§ SOURCE MATERIAL
......

Lemma split_wf st m m' st' : peel_wf st -> split_node feas M u st m m' st' ->
  peel_wf st'.
Proof.
move=> S [Hm Hm'M _ Hfresh [bm [_ _ ->]]]; rewrite -/(split_arcs st m m').
have Hsm' a : a \in ps_arcs st -> src a != m' by case/Hfresh.
have Hdm' a : a \in ps_arcs st -> dst a != m' by case/Hfresh.
have HvM v : v \in ps_M st -> v != m' by apply: contraTneq => ->.
have Hmu : m != u by apply: M0_neq; rewrite -(wf_M S).
constructor => /=.
- exact: wf_M S.
- by rewrite in_cons (wf_uU S) orbT.
- by move=> v; rewrite in_cons => /orP[/eqP->//|/(wf_disj S)].
- move=> b /mem_mask/split_arcsP[[a Ha [-> Hd Hs]]|[[a Ha [-> _]]|[a Ha [-> Hs]]]].
  + by rewrite !in_cons eqxx Hs !orbT.
  + move: (wf_ends S Ha); rewrite !in_cons.
    by case/andP => /orP[->|->] /orP[->|->]; rewrite ?orbT.
  + rewrite !in_cons eqxx /=.
    by case/andP: (wf_ends S Ha) => _ /orP[->|->]; rewrite ?orbT.
- move=> b /mem_mask/split_arcsP[[a Ha [-> Hd Hs]]|[[a Ha [-> _]]|[a Ha [-> Hs]]]].
  + by rewrite !in_cons Hs orbT.
  + rewrite !in_cons (negbTE (Hdm' _ Ha)) /= => Hd.
    by rewrite (wf_intoU S Ha Hd) orbT.
  + by rewrite !in_cons eqxx.
- move=> b /mem_mask/split_arcsP[[a Ha [-> Hd Hs]]|[[a Ha [-> _]]|[a Ha [-> Hs]]]].
  + by rewrite /= eqxx (negbTE (Hsm' _ Ha)) -Hd (wf_layer S Ha).
  + by rewrite (negbTE (Hsm' _ Ha)) (negbTE (Hdm' _ Ha)) (wf_layer S Ha).
  + by rewrite /= eqxx (negbTE (Hdm' _ Ha)) -Hs (wf_layer S Ha).
- by move=> v Hv; rewrite (negbTE (HvM _ Hv)) (wf_layerM S).
- move=> Hut; case: eqP => [Hmt|_]; last exact: wf_ut S Hut.
  by move: Hmu; rewrite Hmt -Hut eqxx.
- move=> w; case: eqP => _; first by case=> <-; rewrite mem_head.
  by move=> Hw; rewrite in_cons (wf_tp S Hw) orbT.
Qed.

Lemma split_layer st l m s m' st' : peel_wf st -> layer_inv st l (m :: s) ->
  split_node feas M u st m m' st' -> layer_inv st' l s.
Proof.
move=> S [Lc Ls Lu Lt] [Hm Hm'M _ Hfresh [bm [_ _ ->]]].
rewrite -/(split_arcs st m m').
have Hsm' a : a \in ps_arcs st -> src a != m' by case/Hfresh.
have HvM v : v \in ps_M st -> v != m' by apply: contraTneq => ->.
have [_ Hml] := Ls m (mem_head _ _).
split => /=.
- move=> b /mem_mask/split_arcsP[[a Ha [-> Hd Hs]]|[[a Ha [-> Hn]]|[a Ha [-> Hs]]]].
  + by move=> _ /HvM; rewrite eqxx.
  + rewrite (negbTE (Hsm' _ Ha)) in_cons => /orP[/eqP Hs|HsU] HdM.
      by move: (Hsm' _ Ha); rewrite Hs eqxx.
    case: (Lc _ Ha HsU HdM) => [[Hl]|->]; last by right.
    rewrite in_cons => /orP[/eqP Hd|Hd]; last by left.
    by move: Hn; rewrite Hd eqxx HsU.
  + by move=> _ _; rewrite /= eqxx; right.
- move=> m0 Hm0; have [Hm0M Hl] : m0 \in ps_M st /\ ps_layer st m0 = l.+1.
    by apply: Ls; rewrite in_cons Hm0 orbT.
  by rewrite (negbTE (HvM _ Hm0M)).
- by move: Lu; rewrite cons_uniq => /andP[].
- move=> w; case: eqP => [Hmt|_] Hw Htu.
    split; last by move: Lu; rewrite cons_uniq -Hmt => /andP[].
    by rewrite -Hml (wf_layerM S Hm) Hmt t_layer.
  by case: (Lt _ Hw Htu) => ->; rewrite in_cons negb_or => /andP[].
Qed.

......

§ DIRECTIONS FOR THIS TASK
Would you print exactly and only the lines of the material above that run from the line with "- exact: wf_M S." through the line with "have [_ Hml] := Ls m (mem_head _ _).", both included?

§ RESULT
- exact: wf_M S.
- by rewrite in_cons (wf_uU S) orbT.
- by move=> v; rewrite in_cons => /orP[/eqP->//|/(wf_disj S)].
- move=> b /mem_mask/split_arcsP[[a Ha [-> Hd Hs]]|[[a Ha [-> _]]|[a Ha [-> Hs]]]].
  + by rewrite !in_cons eqxx Hs !orbT.
  + move: (wf_ends S Ha); rewrite !in_cons.
    by case/andP => /orP[->|->] /orP[->|->]; rewrite ?orbT.
  + rewrite !in_cons eqxx /=.
    by case/andP: (wf_ends S Ha) => _ /orP[->|->]; rewrite ?orbT.
- move=> b /mem_mask/split_arcsP[[a Ha [-> Hd Hs]]|[[a Ha [-> _]]|[a Ha [-> Hs]]]].
  + by rewrite !in_cons Hs orbT.
  + rewrite !in_cons (negbTE (Hdm' _ Ha)) /= => Hd.
    by rewrite (wf_intoU S Ha Hd) orbT.
  + by rewrite !in_cons eqxx.
- move=> b /mem_mask/split_arcsP[[a Ha [-> Hd Hs]]|[[a Ha [-> _]]|[a Ha [-> Hs]]]].
  + by rewrite /= eqxx (negbTE (Hsm' _ Ha)) -Hd (wf_layer S Ha).
  + by rewrite (negbTE (Hsm' _ Ha)) (negbTE (Hdm' _ Ha)) (wf_layer S Ha).
  + by rewrite /= eqxx (negbTE (Hdm' _ Ha)) -Hs (wf_layer S Ha).
- by move=> v Hv; rewrite (negbTE (HvM _ Hv)) (wf_layerM S).
- move=> Hut; case: eqP => [Hmt|_]; last exact: wf_ut S Hut.
  by move: Hmu; rewrite Hmt -Hut eqxx.
- move=> w; case: eqP => _; first by case=> <-; rewrite mem_head.
  by move=> Hw; rewrite in_cons (wf_tp S Hw) orbT.
Qed.

Lemma split_layer st l m s m' st' : peel_wf st -> layer_inv st l (m :: s) ->
  split_node feas M u st m m' st' -> layer_inv st' l s.
Proof.
move=> S [Lc Ls Lu Lt] [Hm Hm'M _ Hfresh [bm [_ _ ->]]].
rewrite -/(split_arcs st m m').
have Hsm' a : a \in ps_arcs st -> src a != m' by case/Hfresh.
have HvM v : v \in ps_M st -> v != m' by apply: contraTneq => ->.
have [_ Hml] := Ls m (mem_head _ _).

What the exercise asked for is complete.